Late last year, Apple signed a deal with Canadian broadcaster DHX Media, which now owns a controlling stake in the Peanuts franchise, to produce new specials and short films about Snoopy, Charlie Brown, and the rest of the Peanuts gang, with Apple reportedly looking to use the characters to create specials to build enthusiasm for STEM topics.
Even at the time, there were reports of a short that would star “astronaut Snoopy,” and now, according to Deadline, it looks like Apple will be releasing the first of these projects next month. According to the report, Peanuts has teamed with Morgan Neville and Imagine Documentaries to produce Peanuts in Space: Secrets of Apollo 10, a documentary short that will investigate Snoopy’s secret life as a world-famous astronaut — no doubt the direction his career path went in after he finally defeated the Red Baron.
The special is expected to “lightly spoof” the 1969 NASA Apollo 10 mission, and will also feature Imagine’s Ron Howard portraying himself, and Jeff Goldblum as a self-published NASA historian searching for the truth about Snoopy’s top-secret involvement in the mission. In actual fact, the Apollo 10 mission saw the lunar module skim the surface of the moon as a preliminary recon mission to scout a site for the famous Apollo 11 moon landing.

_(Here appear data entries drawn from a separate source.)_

(* Let $C$ be an $E$-linear code of length $2n$. Then (1) $(LSHull(C))_{Res}=C_{Res}\cap (C_{Res})^{\perp_S}$ and $(LSHull(C))_{Tor}=(C_{Res})^{\perp_S}\cap C_{Tor}$; (2) $(RSHull(C))_{Res}=C_{Res}\cap (C_{Tor})^{\perp_S}$ and $(RSHull(C))_{Tor}=C_{Tor}$; (3) $(SHull(C))_{Res}=C_{Res}\cap (C_{Tor})^{\perp_S}$ and $(SHull(C))_{Tor}=(C_{Res})^{\perp_S}\cap C_{Tor}$.
   Context: $E=\langle \kappa,\tau \mid 2\kappa=2\tau=0,\ \kappa^2=\kappa,\ \tau^2=\tau,\ \kappa\tau=\kappa,\ \tau\kappa=\tau\rangle$ is the non-unital noncommutative ring with four elements $\{0,\kappa,\tau,\zeta\}$, $\zeta=\kappa+\tau$; for every $e\in E$ one has $e\kappa=e\tau=e$ and $e\zeta=0$. Every $e\in E$ is uniquely $e=u\kappa+v\zeta$ with $u,v\in\mathbb{F}_2$, and $\pi:E\to\mathbb{F}_2$, $\pi(u\kappa+v\zeta)=u$, is extended componentwise to $E^{m}\to\mathbb{F}_2^m$. $\mathbb{F}_2$ acts on $E$ by $0\cdot e=0$, $1\cdot e=e$; for $v\in\mathbb{F}_2^m$ and $e\in E$, $ev=(ev_1,\dots,ev_m)\in E^m$. An $E$-linear code of length $2n$ is a left $E$-submodule $C$ of $E^{2n}$. Its residue code is $C_{Res}=\pi(C)$ and its torsion code is $C_{Tor}=\{v\in\mathbb{F}_2^{2n}: \zeta v\in C\}$ (both binary linear codes). The symplectic inner product of $x=(u|v)$, $y=(u'|v')$ (with $u,v,u',v'$ of length $n$, over $E$ or over $\mathbb{F}_2$) is $\langle x,y\rangle_s=\sum_{i=1}^n u_iv'_i+\sum_{i=1}^n v_iu'_i$ (order of factors as written). For a binary linear code $B\subseteq\mathbb{F}_2^{2n}$, $B^{\perp_S}=\{z\in\mathbb{F}_2^{2n}:\langle z,w\rangle_s=0\ \forall w\in B\}$. For an $E$-linear code $C$: $C^{\perp_{S_L}}=\{z\in E^{2n}:\langle z,w\rangle_s=0\ \forall w\in C\}$, $C^{\perp_{S_R}}=\{z\in E^{2n}:\langle w,z\rangle_s=0\ \forall w\in C\}$, $C^{\perp_S}=C^{\perp_{S_L}}\cap C^{\perp_{S_R}}$, and $LSHull(C)=C\cap C^{\perp_{S_L}}$, $RSHull(C)=C\cap C^{\perp_{S_R}}$, $SHull(C)=C\cap C^{\perp_S}$ (these are again $E$-linear codes, so their residue and torsion codes are defined). *)

From HB Require Import structures.
From mathcomp Require Import all_boot all_algebra.
Set Implicit Arguments. Unset Strict Implicit. Unset Printing Implicit Defensive.
Import GRing.Theory.
Local Open Scope ring_scope.

(* The ring E is modelled by its coordinates: e = u*kappa + v*zeta is (u, v). *)
Definition F2 := 'F_2.
Definition E : finType := (F2 * F2)%type.

Definition Ezero : E := (0, 0).
Definition Eadd (e f : E) : E := (e.1 + f.1, e.2 + f.2).
(* (u kappa + v zeta)(u' kappa + v' zeta) = u u' kappa + v u' zeta,
   using kappa^2 = kappa, kappa zeta = 0, zeta kappa = zeta, zeta^2 = 0. *)
Definition Emul (e f : E) : E := (e.1 * f.1, e.2 * f.1).

Definition kappa : E := (1, 0).
Definition zeta  : E := (0, 1).
Definition tau   : E := Eadd kappa zeta.

Lemma E_relations :
  (Eadd kappa kappa = Ezero /\ Eadd tau tau = Ezero) /\
  [/\ Emul kappa kappa = kappa, Emul tau tau = tau,
      Emul kappa tau = kappa & Emul tau kappa = tau].
Proof. by do !split; apply/eqP. Qed.

Definition piE (e : E) : F2 := e.1.

Definition F2act (a : F2) (e : E) : E := if a == 0 then Ezero else e.

Definition Evec (n : nat) := {ffun 'I_(n + n) -> E}.
Definition Bvec (n : nat) := {ffun 'I_(n + n) -> F2}.

Definition Evadd n (x y : Evec n) : Evec n := [ffun i => Eadd (x i) (y i)].
Definition Evzero n : Evec n := [ffun=> Ezero].
Definition Evscale n (e : E) (x : Evec n) : Evec n := [ffun i => Emul e (x i)].
Definition piv n (x : Evec n) : Bvec n := [ffun i => piE (x i)].
Definition actv n (e : E) (v : Bvec n) : Evec n := [ffun i => F2act (v i) e].

Definition is_Ecode n (C : {set Evec n}) : Prop :=
  [/\ Evzero n \in C,
      (forall x y, x \in C -> y \in C -> Evadd x y \in C) &
      (forall e x, x \in C -> Evscale e x \in C)].

Definition Esum (k : nat) (f : 'I_k -> E) : E :=
  foldr Eadd Ezero [seq f i | i <- enum 'I_k].

(* symplectic inner products, x = (u|v), y = (u'|v') *)
Definition sympE n (x y : Evec n) : E :=
  Esum (fun i : 'I_n => Eadd (Emul (x (lshift n i)) (y (rshift n i)))
                             (Emul (x (rshift n i)) (y (lshift n i)))).
Definition sympB n (x y : Bvec n) : F2 :=
  \sum_(i < n) (x (lshift n i) * y (rshift n i) + x (rshift n i) * y (lshift n i)).

Definition Res n (C : {set Evec n}) : {set Bvec n} := [set piv x | x in C].
Definition Tor n (C : {set Evec n}) : {set Bvec n} :=
  [set v | actv zeta v \in C].

Definition Bperp n (B : {set Bvec n}) : {set Bvec n} :=
  [set z | [forall w in B, sympB z w == 0]].

Definition LperpE n (C : {set Evec n}) : {set Evec n} :=
  [set z | [forall w in C, sympE z w == Ezero]].
Definition RperpE n (C : {set Evec n}) : {set Evec n} :=
  [set z | [forall w in C, sympE w z == Ezero]].
Definition perpE n (C : {set Evec n}) : {set Evec n} := LperpE C :&: RperpE C.

Definition LSHull n (C : {set Evec n}) := C :&: LperpE C.
Definition RSHull n (C : {set Evec n}) := C :&: RperpE C.
Definition SHull n (C : {set Evec n}) := C :&: perpE C.

(* Writing x = a kappa + b zeta coordinatewise, with a, b binary, a code C is
   exactly {a kappa + b zeta | a in C_Res, b in C_Tor}: kappa x and zeta x lie
   in C, which also gives C_Res <= C_Tor. The symplectic product of
   a kappa + b zeta and a' kappa + b' zeta is <a,a'> kappa + <b,a'> zeta, so
   the left orthogonal of C is {a kappa + b zeta | a, b in (C_Res)^perp} and the
   right one is {a kappa + b zeta | a in (C_Tor)^perp}. Each hull is therefore
   again of the product form A kappa + B zeta with 0 in A and 0 in B, and its
   residue and torsion codes are A and B. *)

From mathcomp Require Import all_boot all_algebra.
Set Implicit Arguments. Unset Strict Implicit. Unset Printing Implicit Defensive.
Import GRing.Theory.
Local Open Scope ring_scope.

Lemma F2_cases (a : F2) : a = 0 \/ a = 1.
Proof. by case: a => [[|[|]] ?] //; [left | right]; apply/val_inj. Qed.

Section Coordinates.

Variable n : nat.
Implicit Types (a b : Bvec n) (x y : Evec n) (S : {set Evec n}) (B : {set Bvec n}).

Definition Evec_of a b : Evec n := [ffun i => (a i, b i)].
Definition zcoord x : Bvec n := [ffun i => (x i).2].

Lemma Evec_of_coord x : x = Evec_of (piv x) (zcoord x).
Proof. by apply/ffunP => i; rewrite !ffunE; case: (x i). Qed.

Lemma piv_Evec_of a b : piv (Evec_of a b) = a.
Proof. by apply/ffunP => i; rewrite !ffunE. Qed.

Lemma zcoord_Evec_of a b : zcoord (Evec_of a b) = b.
Proof. by apply/ffunP => i; rewrite !ffunE. Qed.

Lemma Evec_of00 : Evec_of 0 0 = Evzero n.
Proof. by apply/ffunP => i; rewrite !ffunE. Qed.

Lemma actv_zeta b : actv zeta b = Evec_of 0 b.
Proof. by apply/ffunP => i; rewrite !ffunE /F2act; case: (F2_cases (b i)) => ->. Qed.

Lemma Evscale_kappa x : Evscale kappa x = Evec_of (piv x) 0.
Proof. by apply/ffunP => i; rewrite !ffunE /Emul /= mul1r mul0r. Qed.

Lemma Evscale_zeta x : Evscale zeta x = Evec_of 0 (piv x).
Proof. by apply/ffunP => i; rewrite !ffunE /Emul /= mul1r mul0r. Qed.

Lemma Bvec_addvv a : a + a = 0.
Proof. by apply/ffunP => i; rewrite !ffunE; case: (a i) => [[|[|]] ?] //; apply/eqP. Qed.

Lemma Evadd_Evec_of a b a' b' :
  Evadd (Evec_of a b) (Evec_of a' b') = Evec_of (a + a') (b + b').
Proof. by apply/ffunP => i; rewrite !ffunE. Qed.

Lemma Esum_pair k (f : 'I_k -> E) : Esum f = (\sum_i (f i).1, \sum_i (f i).2).
Proof.
rewrite /Esum -!big_enum /=; elim: (enum 'I_k) => [|i s IHs] /=.
  by rewrite !big_nil.
by rewrite IHs !big_cons.
Qed.

Lemma sympE_coord x y :
  sympE x y = (sympB (piv x) (piv y), sympB (zcoord x) (piv y)).
Proof.
by rewrite /sympE Esum_pair; congr pair; apply: eq_bigr => i _; rewrite !ffunE.
Qed.

Lemma sympBC a b : sympB a b = sympB b a.
Proof. by apply: eq_bigr => i _; rewrite addrC mulrC [_ * b _]mulrC. Qed.

Lemma mem_Bperp0 B : 0 \in Bperp B.
Proof.
rewrite inE; apply/forall_inP => w _.
by rewrite /sympB big1 // => i _; rewrite !ffunE !mul0r addr0.
Qed.

Lemma Bperp_sub B B' : B \subset B' -> Bperp B' \subset Bperp B.
Proof.
move/subsetP => sBB'; apply/subsetP => a; rewrite !inE.
by move/forall_inP => perp_a; apply/forall_inP => w /sBB'; apply: perp_a.
Qed.

Lemma mem_Res S a : (a \in Res S) = [exists b, Evec_of a b \in S].
Proof.
apply/imsetP/existsP => [[x xS ->] | [b abS]].
  by exists (zcoord x); rewrite -Evec_of_coord.
by exists (Evec_of a b); rewrite ?piv_Evec_of.
Qed.

Lemma mem_Tor S b : (b \in Tor S) = (Evec_of 0 b \in S).
Proof. by rewrite inE actv_zeta. Qed.

Section ProductSet.

Variables (S : {set Evec n}) (A B : {set Bvec n}).
Hypothesis memS : forall a b, (Evec_of a b \in S) = (a \in A) && (b \in B).

Lemma Res_product : 0 \in B -> Res S = A.
Proof.
move=> B0; apply/setP => a; rewrite mem_Res.
apply/existsP/idP => [[b] | aA]; first by rewrite memS => /andP[].
by exists 0; rewrite memS aA.
Qed.

Lemma Tor_product : 0 \in A -> Tor S = B.
Proof. by move=> A0; apply/setP => b; rewrite mem_Tor memS A0. Qed.

End ProductSet.

Lemma mem_LperpE S a b :
  (Evec_of a b \in LperpE S) = (a \in Bperp (Res S)) && (b \in Bperp (Res S)).
Proof.
rewrite !inE; apply/forall_inP/andP => [perp_ab | [perp_a perp_b] x xS].
  split; apply/forall_inP => _ /imsetP[x xS ->]; have /eqP := perp_ab x xS;
  by rewrite sympE_coord piv_Evec_of zcoord_Evec_of => -[? ?]; apply/eqP.
have xR : piv x \in Res S by apply: imset_f.
move: perp_a perp_b => /forall_inP/(_ _ xR)/eqP perp_a /forall_inP/(_ _ xR)/eqP perp_b.
by rewrite sympE_coord piv_Evec_of zcoord_Evec_of perp_a perp_b.
Qed.

Section Code.

Variable C : {set Evec n}.
Hypothesis codeC : is_Ecode C.

Lemma Res_sub_Tor : Res C \subset Tor C.
Proof.
case: codeC => _ _ scaleC; apply/subsetP => _ /imsetP[x xC ->].
by rewrite mem_Tor -Evscale_zeta scaleC.
Qed.

Lemma mem_Res_code a : (a \in Res C) = (Evec_of a 0 \in C).
Proof.
case: codeC => _ _ scaleC; rewrite mem_Res.
apply/existsP/idP => [[b abC] | a0C]; last by exists 0.
by have := scaleC kappa _ abC; rewrite Evscale_kappa piv_Evec_of.
Qed.

Lemma mem_code a b : (Evec_of a b \in C) = (a \in Res C) && (b \in Tor C).
Proof.
case: codeC => _ addC _; rewrite mem_Res_code mem_Tor.
apply/idP/andP => [abC | [a0C bC]].
  have a0C : Evec_of a 0 \in C.
    by rewrite -mem_Res_code mem_Res; apply/existsP; exists b.
  by split=> //; have := addC _ _ abC a0C; rewrite Evadd_Evec_of Bvec_addvv addr0.
by have := addC _ _ a0C bC; rewrite Evadd_Evec_of addr0 add0r.
Qed.

Lemma Tor_code0 : 0 \in Tor C.
Proof. by case: codeC => C0 _ _; rewrite mem_Tor Evec_of00. Qed.

Lemma Res_code0 : 0 \in Res C.
Proof. by case: codeC => C0 _ _; rewrite mem_Res_code Evec_of00. Qed.

Lemma mem_RperpE a b : (Evec_of a b \in RperpE C) = (a \in Bperp (Tor C)).
Proof.
rewrite !inE; apply/forall_inP/forall_inP => [perp_a w wT | perp_a x].
  have : Evec_of 0 w \in C by rewrite mem_code Res_code0.
  move/perp_a/eqP; rewrite sympE_coord !piv_Evec_of zcoord_Evec_of => -[_].
  by rewrite sympBC => ->.
rewrite {1}[x]Evec_of_coord mem_code => /andP[xR xT].
have xT' := subsetP Res_sub_Tor _ xR.
by rewrite sympE_coord piv_Evec_of sympBC [sympB (zcoord x) _]sympBC
  (eqP (perp_a _ xT)) (eqP (perp_a _ xT')).
Qed.

Lemma mem_LSHull a b : (Evec_of a b \in LSHull C) =
  (a \in Res C :&: Bperp (Res C)) && (b \in Bperp (Res C) :&: Tor C).
Proof.
by rewrite in_setI mem_code mem_LperpE !in_setI andbACA [(b \in Tor C) && _]andbC.
Qed.

Lemma mem_RSHull a b : (Evec_of a b \in RSHull C) =
  (a \in Res C :&: Bperp (Tor C)) && (b \in Tor C).
Proof. by rewrite in_setI mem_code mem_RperpE in_setI andbAC. Qed.

Lemma mem_SHull a b : (Evec_of a b \in SHull C) =
  (a \in Res C :&: Bperp (Tor C)) && (b \in Bperp (Res C) :&: Tor C).
Proof.
rewrite /SHull /perpE setIA -/(LSHull C) in_setI mem_LSHull mem_RperpE !in_setI.
have /subsetP/(_ a)/implyP := Bperp_sub Res_sub_Tor.
by case: (a \in Bperp (Tor C)) => [/= -> | _]; rewrite ?andbT // !andbF andFb.
Qed.

End Code.

End Coordinates.

Theorem mainTheorem1 (n : nat) (C : {set Evec n}) :
  is_Ecode C ->
  (Res (LSHull C) = Res C :&: Bperp (Res C) /\
   Tor (LSHull C) = Bperp (Res C) :&: Tor C) /\
  (Res (RSHull C) = Res C :&: Bperp (Tor C) /\
   Tor (RSHull C) = Tor C) /\
  (Res (SHull C) = Res C :&: Bperp (Tor C) /\
   Tor (SHull C) = Bperp (Res C) :&: Tor C).
Proof.
move=> codeC.
have R0 := Res_code0 codeC; have T0 := Tor_code0 codeC.
have RRperp0 : 0 \in Res C :&: Bperp (Res C) by rewrite in_setI R0 mem_Bperp0.
have RTperp0 : 0 \in Res C :&: Bperp (Tor C) by rewrite in_setI R0 mem_Bperp0.
have RperpT0 : 0 \in Bperp (Res C) :&: Tor C by rewrite in_setI T0 mem_Bperp0.
split; [|split]; split.
- exact: Res_product (mem_LSHull codeC) RperpT0.
- exact: Tor_product (mem_LSHull codeC) RRperp0.
- exact: Res_product (mem_RSHull codeC) T0.
- exact: Tor_product (mem_RSHull codeC) RTperp0.
- exact: Res_product (mem_SHull codeC) RperpT0.
- exact: Tor_product (mem_SHull codeC) RTperp0.
Qed.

However, what may come as a surprise to some is that the mission already had a connection to the Peanuts gang: NASA and the crew — astronauts Gene Cernan, John Young, and Thomas Stafford — named the lunar module “Snoopy” since it was expected to “snoop around” the lunar surface, and by extension dubbed the command module “Charlie Brown.” In fact, NASA had approached Peanuts creator Charles Schultz a couple of years earlier to get permission to use Snoopy on the Agency’s safety materials, and in 1968 introduce the “Silver Snoopy” award to recognize employees and contractors for outstanding achievements in safety and mission success.
Schulz considered it a huge honour for his characters to be featured by NASA, and a new “Space Act Agreement” with DHX Media last year renewed the partnership between Schultz’s wunderkinds and the Space Agency, with a new focus on inspiring a passion for space exploration and STEM among kids.
So creating a documentary that places Snoopy in the role of an astronaut for the upcoming 50th anniversary of the mission, which occurred on May 22, 1969, seems like a particularly good fit both for the Peanuts gang and for Apple’s push to create educational and family-friendly content for its new TV service.
Of course, Apple still plans its major slate of original TV content in the fall, and this particular special is undoubtedly an exception due to the impending anniversary of the original mission. We’re fairly certain it’s not going to be the first Peanuts special we’ll see from Apple, however, and the company is also working on a slate of children’s shows as a result of a deal it signed with Sesame Workshop last year.